=== Exercise description ===
Exactly how many lines in the entries contain "Hypothesis"? Give that number alone.

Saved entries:
Definition Kle (f : Flow) (n : nat) : {set Flow} :=
  [set i | (i != f) && (P i <= P f)%N && has (crosses i) (path_nodes M (first f) n)].
End Ring.

(* Fix t and walk f's subpath backwards: at node m, starting from the time tau (m+1)
   at which its output is observed, let tau m be (up to an arbitrary slack) the start of
   the backlogged period of the flows of priority at least P f.  Strict service minus
   one blocking lower-priority packet gives these flows an output of at least
   (Rsub + sum of their rates) * (tau (m+1) - tau m - lat m) on that period.  Summing
   over the nodes, the outputs of f telescope to D_f(t) - A_f(tau 0), since f is idle
   at every tau m and leaves node m into node m+1.  The outputs of an interfering flow j
   telescope along each maximal run of consecutive nodes that j shares with f -- on a
   ring there are at most two, one entering at f.first and one starting at j.first --
   and each run is bounded by j's burst at its entry plus rho_j times its duration.
   Rearranging yields, up to the slack, A_f(tau 0) + Rsub (t - tau 0 - Tsub) <= D_f(t). *)

From HB Require Import structures.
From mathcomp Require Import all_boot all_order all_algebra.
From mathcomp Require Import boolp classical_sets reals.
From mathcomp Require Import zify lra.
Set Implicit Arguments. Unset Strict Implicit. Unset Printing Implicit Defensive.
Import Order.TTheory GRing.Theory Num.Theory.
Local Open Scope ring_scope.

Section NetworkCalculus.
Context {R : realType}.
Implicit Types (F G : R -> R) (x y s t : R).

Lemma pos_ge x : x <= pos x.
Proof. by rewrite /pos le_max lexx orbT. Qed.

Lemma pos_ge0 x : 0 <= pos x.
Proof. by rewrite /pos le_max lexx. Qed.

Lemma posB_le x y : x <= y -> pos y - pos x <= y - x.
Proof. by rewrite /pos; case: (leP 0 x); case: (leP 0 y); lra. Qed.

Lemma cumulative_ge0 F t : cumulative F -> 0 <= t -> 0 <= F t.
Proof. by move=> [F0 Fmono] t0; rewrite -F0; apply: Fmono. Qed.

Lemma minplus_conv_le F G t s :
  (forall y, 0 <= y -> y <= t -> 0 <= F (t - y) + G y) ->
  0 <= s -> s <= t -> minplus_conv F G t <= F (t - s) + G s.
Proof.
move=> FG0 s0 st.
have Es : [set F (t - y) + G y | y in `[0, t]]%classic (F (t - s) + G s).
  by exists s; rewrite //= in_itv /= s0 st.
have lb : has_lbound [set F (t - y) + G y | y in `[0, t]]%classic.
  by exists 0 => z [y]; rewrite /= in_itv /= => /andP[y0 yt] <-; apply: FG0.
exact: (ge_inf lb Es).
Qed.

Lemma leaky_bucket_increment F sg rh a b :
  cumulative F -> arrival_curve F (leaky_bucket sg rh) -> 0 <= sg -> 0 <= rh ->
  0 <= a -> a <= b -> F b - F a <= sg + rh * (b - a).
Proof.
move=> cF aF sg0 rh0 a0 ab; have b0 : 0 <= b by apply: le_trans ab.
have conv : minplus_conv F (leaky_bucket sg rh) b
            <= F (b - (b - a)) + leaky_bucket sg rh (b - a).
  apply: minplus_conv_le; last 2 first.
  - by rewrite subr_ge0.
  - by rewrite lerBlDr lerDl.
  move=> y y0 yb; apply: addr_ge0; first by apply: cumulative_ge0; rewrite ?subr_ge0.
  by apply: addr_ge0 => //; apply: mulr_ge0.
rewrite opprB subrKC /leaky_bucket in conv.
by have := le_trans (aF b b0) conv; lra.
Qed.

(* [Rr * pos (t - s - T) = max 0 (Rr * (t - s - T))], so two linear bounds suffice. *)
Lemma rate_latency_service_curve F G Rr T :
  cumulative F -> 0 <= Rr ->
  (forall t e, 0 <= t -> 0 < e -> exists2 s, 0 <= s <= t &
     F s <= G t + e /\ F s + Rr * (t - s - T) <= G t + e) ->
  service_curve F G (rate_latency Rr T).
Proof.
move=> cF Rr0 wit t t0; apply/ler_addgt0Pr => e e0.
have [s /andP[s0 st] [Fs_le FsT_le]] := wit t e t0 e0.
have conv : minplus_conv F (rate_latency Rr T) t
            <= F (t - (t - s)) + rate_latency Rr T (t - s).
  apply: minplus_conv_le; last 2 first.
  - by rewrite subr_ge0.
  - by rewrite lerBlDr lerDl.
  move=> y y0 yt; apply: addr_ge0; first by apply: cumulative_ge0; rewrite ?subr_ge0.
  by apply: mulr_ge0 => //; apply: pos_ge0.
apply: le_trans conv _; rewrite opprB subrKC /rate_latency /pos.
by case: (leP 0 (t - s - T)) => _; rewrite ?mulr0 ?addr0.
Qed.

Lemma residual_rate_latency (Rr T Lb Rs x y : R) :
  0 < Rr -> 0 <= Lb -> 0 <= Rs -> Rs <= Rr -> 0 <= y ->
  Rr * pos (x - T) - Lb <= y -> Rs * (x - (T + Lb / Rr)) <= y.
Proof.
move=> Rr0 Lb0 Rs0 RsRr y0 bound.
case: (leP (T + Lb / Rr) x) => [lat_x | x_lat]; last first.
  by apply: le_trans y0; apply: mulr_ge0_le0; rewrite // subr_le0 ltW.
have lat_pos : 0 <= x - (T + Lb / Rr) by rewrite subr_ge0.
apply: le_trans (ler_wpM2r lat_pos RsRr) (le_trans _ bound).
have -> : Rr * (x - (T + Lb / Rr)) = Rr * (x - T) - Lb.
  by rewrite mulrBr mulrDr mulrCA divff ?mulr1 ?gt_eqF // mulrBr opprD addrA.
by rewrite lerD2r; apply: ler_wpM2l; [apply: ltW | apply: pos_ge].
Qed.

End NetworkCalculus.

Lemma sum_setU_disjoint (V : nmodType) (I : finType) (X Y : {set I}) (F : I -> V) :
  [disjoint X & Y] -> \sum_(i in X :|: Y) F i = \sum_(i in X) F i + \sum_(i in Y) F i.
Proof. by move=> XY; rewrite -bigU //; apply: eq_bigl => i; rewrite !inE. Qed.

Section SingleNode.
Context {R : realType}.

Lemma backlogged_period_start (B : R -> R) t e :
  (forall v, 0 <= v -> 0 <= B v) -> B 0 = 0 -> 0 <= t -> 0 < e ->
  exists u s, [/\ 0 <= u <= s, s <= t, s - u < e, B u = 0
    & forall v, s < v -> v < t -> 0 < B v].
Proof.
move=> B_ge0 B_0 t0 e0.
pose idle := [set v | 0 <= v /\ v <= t /\ B v = 0]%classic.
have idle_sup : has_sup idle by split; [exists 0 | exists t => v [_ []]].
have [u [u0 [ut Bu]] su] := sup_adherent e0 idle_sup.
have us : u <= sup idle by apply: sup_upper_bound.
exists u, (sup idle); split; rewrite ?u0 ?us //.
- by apply: ge_sup; [exists 0 | move=> v [_ []]].
- by rewrite ltrBlDr addrC -ltrBlDr.
move=> v sv vt; have v0 : 0 <= v by apply: le_trans (ltW sv); apply: le_trans us.
rewrite lt_def B_ge0 // andbT; apply: contraTneq sv => Bv.
by rewrite -leNgt; apply: sup_upper_bound => //; split; [|split; [apply: ltW|]].
Qed.

Variables (Flow : finType) (H L : {set Flow}) (A D : Flow -> R -> R) (Rr T Lb : R).
Hypotheses (Rr0 : 0 < Rr) (HL : [disjoint H & L])
  (Hcum : forall i, i \in H :|: L -> cumulative (A i) /\ cumulative (D i))
  (Hcaus : forall i t, i \in H :|: L -> 0 <= t -> D i t <= A i t)
  (Hstrict : forall s t, 0 <= s -> s <= t ->
     (forall u, s < u -> u < t -> 0 < \sum_(i in H :|: L) (A i u - D i u)) ->
     rate_latency Rr T (t - s) <= \sum_(i in H :|: L) (D i t - D i s))
  (Hblock : forall s t, 0 <= s -> s <= t ->
     (forall u, s < u -> u < t -> 0 < \sum_(i in H) (A i u - D i u)) ->
     \sum_(i in L) (D i t - D i s) <= Lb).

(* Strict service is applied on the backlogged period of the class [H] ending at [t];
   the lower class [L] steals at most [Lb] of it. *)
Lemma fp_residual_service t e : 0 <= t -> 0 < e -> exists u, [/\ 0 <= u, u <= t,
  forall i, i \in H -> A i u = D i u &
  Rr * pos (t - u - T) - Lb - e <= \sum_(i in H) (D i t - D i u)].
Proof.
move=> t0 e0.
have inH i : i \in H -> i \in H :|: L by move=> iH; rewrite inE iH.
have inL i : i \in L -> i \in H :|: L by move=> iL; rewrite inE iL orbT.
have backlog_ge0 (S : {set Flow}) v : {subset S <= H :|: L} -> 0 <= v ->
    0 <= \sum_(i in S) (A i v - D i v).
  by move=> SHL v0; apply: sumr_ge0 => i /SHL iHL; rewrite subr_ge0 Hcaus.
have backlog0 : \sum_(i in H) (A i 0 - D i 0) = 0.
  by apply: big1 => i /inH /Hcum [[-> _] [-> _]]; rewrite subrr.
have [u [s [/andP[u0 us] st su Bu busy]]] :=
  backlogged_period_start (fun v => backlog_ge0 H v inH) backlog0 t0 (divr_gt0 e0 Rr0).
exists u; split => //; first exact: le_trans st.
  move=> i iH; apply/eqP; rewrite -subr_eq0; apply/eqP.
  by apply: (psumr_eq0P _ Bu) => // j jH; rewrite subr_ge0 Hcaus ?inH.
have s0 : 0 <= s by apply: le_trans us.
have busyHL v : s < v -> v < t -> 0 < \sum_(i in H :|: L) (A i v - D i v).
  move=> sv vt; rewrite sum_setU_disjoint //; have := busy v sv vt.
  by have := backlog_ge0 L v inL (le_trans s0 (ltW sv)); lra.
have service := Hstrict s0 st busyHL; rewrite sum_setU_disjoint // /rate_latency in service.
have blocked := Hblock s0 st busy.
have D_mono : \sum_(i in H) (D i t - D i s) <= \sum_(i in H) (D i t - D i u).
  by apply: ler_sum => i /inH /Hcum [_ [_ Dmono]]; rewrite lerB // Dmono.
have latency : Rr * pos (t - u - T) - e <= Rr * pos (t - s - T).
  have lip : pos (t - u - T) - pos (t - s - T) <= s - u.
    by apply: le_trans (posB_le _) _; lra.
  have : (s - u) * Rr < e by rewrite -ltr_pdivlMr.
  have : Rr * (pos (t - u - T) - pos (t - s - T)) <= Rr * (s - u).
    by apply: ler_wpM2l => //; apply: ltW.
  lra.
lra.
Qed.

End SingleNode.

Lemma backward_choice (R : numDomainType) (Q : nat -> R -> R -> Prop) n t : 0 <= t ->
  (forall m x, (m < n)%N -> 0 <= x -> exists y, [/\ 0 <= y, y <= x & Q m x y]) ->
  exists tau : nat -> R, [/\ tau n = t, forall m, 0 <= tau m,
    forall m, tau m <= tau m.+1 & forall m, (m < n)%N -> Q m (tau m.+1) (tau m)].
Proof.
elim: n t => [|n IH] t t0 step; first by exists (fun=> t); split.
have [y [y0 yt Qy]] := step n t (ltnSn n) t0.
have [tau [tau_n tau0 tau_mono tauQ]] := IH y y0 (fun m x mn => step m x (ltnW mn)).
exists (fun m => if (m <= n)%N then tau m else t); split => [|m|m|m].
- by rewrite ltnn.
- by case: ifP.
- by case: (ltngtP m n) => // ->; rewrite tau_n.
- rewrite ltnS; case: (ltngtP m n) => [mn _|//|-> _]; first exact: tauQ.
  by rewrite tau_n.
Qed.

Section Tandem.
Context {R : realType}.
Variables (a d : nat -> R -> R) (tau : nat -> R).

Lemma tandem_telescope L :
  (forall q, (q < L)%N -> a q.+1 = d q) ->
  (forall q, (q <= L)%N -> a q (tau q) = d q (tau q)) ->
  \sum_(q < L.+1) (d q (tau q.+1) - d q (tau q)) = d L (tau L.+1) - a 0%N (tau 0%N).
Proof.
elim: L => [|L IH] link idle; first by rewrite big_ord1 idle.
rewrite big_ord_recr /= IH => [|q qL|q qL]; last 2 first.
- by apply: link; apply: ltnW.
- by apply: idle; apply: leqW.
by rewrite -(link L (ltnSn L)) idle //; lra.
Qed.

Lemma tandem_causal L x :
  (forall q, (q < L)%N -> a q.+1 = d q) ->
  (forall q y, (q <= L)%N -> 0 <= y -> d q y <= a q y) ->
  0 <= x -> d L x <= a 0%N x.
Proof.
elim: L => [|L IH] link causal x0; first exact: causal.
apply: le_trans (causal _ _ (leqnn _) x0) _; rewrite link //.
apply: IH => // [q qL|q y qL]; first by apply: link; apply: ltnW.
by apply: causal; apply: leqW.
Qed.

Lemma tandem_burst_bound L sg rh :
  (forall q, (q < L)%N -> a q.+1 = d q) ->
  (forall q, (q <= L)%N -> a q (tau q) = d q (tau q)) ->
  (forall q y, (q <= L)%N -> 0 <= y -> d q y <= a q y) ->
  cumulative (a 0%N) -> arrival_curve (a 0%N) (leaky_bucket sg rh) ->
  0 <= sg -> 0 <= rh -> 0 <= tau 0%N -> tau 0%N <= tau L.+1 ->
  \sum_(q < L.+1) (d q (tau q.+1) - d q (tau q) - rh * (tau q.+1 - tau q)) <= sg.
Proof.
move=> link idle causal cum arr sg0 rh0 tau0 tauL.
rewrite sumrB tandem_telescope // -mulr_sumr.
rewrite -(big_mkord xpredT (fun q => tau q.+1 - tau q)) telescope_sumr //.
have := tandem_causal link causal (le_trans tau0 tauL).
have := leaky_bucket_increment cum arr sg0 rh0 tau0 tauL.
lra.
Qed.

End Tandem.

Lemma big_ord_addn_ltn (V : nmodType) (F : nat -> V) K c b :
  \sum_(q < K | (c + q < b)%N) F q = \sum_(q < minn K (b - c)) F q.
Proof.
rewrite -(big_mkord (fun q => c + q < b)%N) -(big_mkord xpredT).
rewrite (big_nat_widen _ _ _ _ _ (geq_minl K (b - c))) big_nat_cond [RHS]big_nat_cond.
by apply: eq_bigl => q /=; apply/idP/idP; lia.
Qed.

Section RingArith.
Variable M : nat.
Hypothesis HM : (0 < M)%N.

Lemma ring_node_ltn a m : (ring_node M a m < M)%N.
Proof. exact: ltn_pmod. Qed.

Lemma ring_node0 a : (a < M)%N -> ring_node M a 0 = a.
Proof. by move=> aM; rewrite /ring_node addn0 modn_small. Qed.

Lemma ring_node_inj a p q : (p < M)%N -> (q < M)%N ->
  ring_node M a p = ring_node M a q -> p = q.
Proof. by rewrite /ring_node => pM qM /eqP; rewrite eqn_modDl !modn_small // => /eqP. Qed.

Lemma ring_node_offset a b q : (a < M)%N ->
  ring_node M a ((b + M - a) %% M + q) = ring_node M b q.
Proof.
move=> aM; rewrite /ring_node addnCA modnDml.
by rewrite (_ : b + M - a + (a + q) = b + q + M)%N ?modnDr //; lia.
Qed.

Lemma ring_node_wrap a b q : (a < M)%N ->
  ring_node M a q = ring_node M b (M - (b + M - a) %% M + q).
Proof.
move=> aM; rewrite -(ring_node_offset b _ aM) addnA subnKC; last exact/ltnW/ltn_pmod.
by rewrite /ring_node addnCA modnDl.
Qed.

End RingArith.

Section Ring.
Variables (R : realType) (M : nat) (Flow : finType)
  (first h P : Flow -> nat) (Lmax rho sigma0 : Flow -> R)
  (sigma : Flow -> nat -> R) (Rk Tk : nat -> R) (A D : Flow -> nat -> R -> R).
Hypotheses (HM : (0 < M)%N)
  (Hfirst : forall i, (first i < M)%N)
  (Hh : forall i, (0 < h i <= M)%N)
  (HR : forall k, (k < M)%N -> 0 < Rk k)
  (Hrho : forall i, 0 <= rho i)
  (Hsig0 : forall i, 0 <= sigma0 i)
  (Hsig : forall i k, 0 <= sigma i k)
  (HL : forall i, 0 <= Lmax i)
  (Hstab : forall k, (k < M)%N -> \sum_(i | crosses M first h i k) rho i <= Rk k)
  (Hcum : forall i k, crosses M first h i k -> cumulative (A i k) /\ cumulative (D i k))
  (Hcaus : forall i k t, crosses M first h i k -> 0 <= t -> D i k t <= A i k t)
  (Hcons : forall i m, (m.+1 < h i)%N ->
     A i (ring_node M (first i) m.+1) = D i (ring_node M (first i) m))
  (Harr0 : forall i, arrival_curve (A i (first i)) (leaky_bucket (sigma0 i) (rho i)))
  (Harr : forall i k, crosses M first h i k ->
     arrival_curve (A i k) (leaky_bucket (sigma i k) (rho i)))
  (Hstrict : forall k s t, (k < M)%N -> 0 <= s -> s <= t ->
     (forall u, s < u -> u < t -> 0 < \sum_(i | crosses M first h i k) (A i k u - D i k u)) ->
     rate_latency (Rk k) (Tk k) (t - s) <= \sum_(i | crosses M first h i k) (D i k t - D i k s))
  (Hfp : forall g k s t, crosses M first h g k -> 0 <= s -> s <= t ->
     (forall u, s < u -> u < t ->
        0 < \sum_(i in g |: hp M first h P g k) (A i k u - D i k u)) ->
     \sum_(j in lp M first h P g k) (D j k t - D j k s)
       <= \big[Num.max/0]_(j in lp M first h P g k) Lmax j).
Variables (f : Flow) (n : nat).
Hypothesis (Hn : (1 <= n <= h f)%N).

=== Answer box ===
2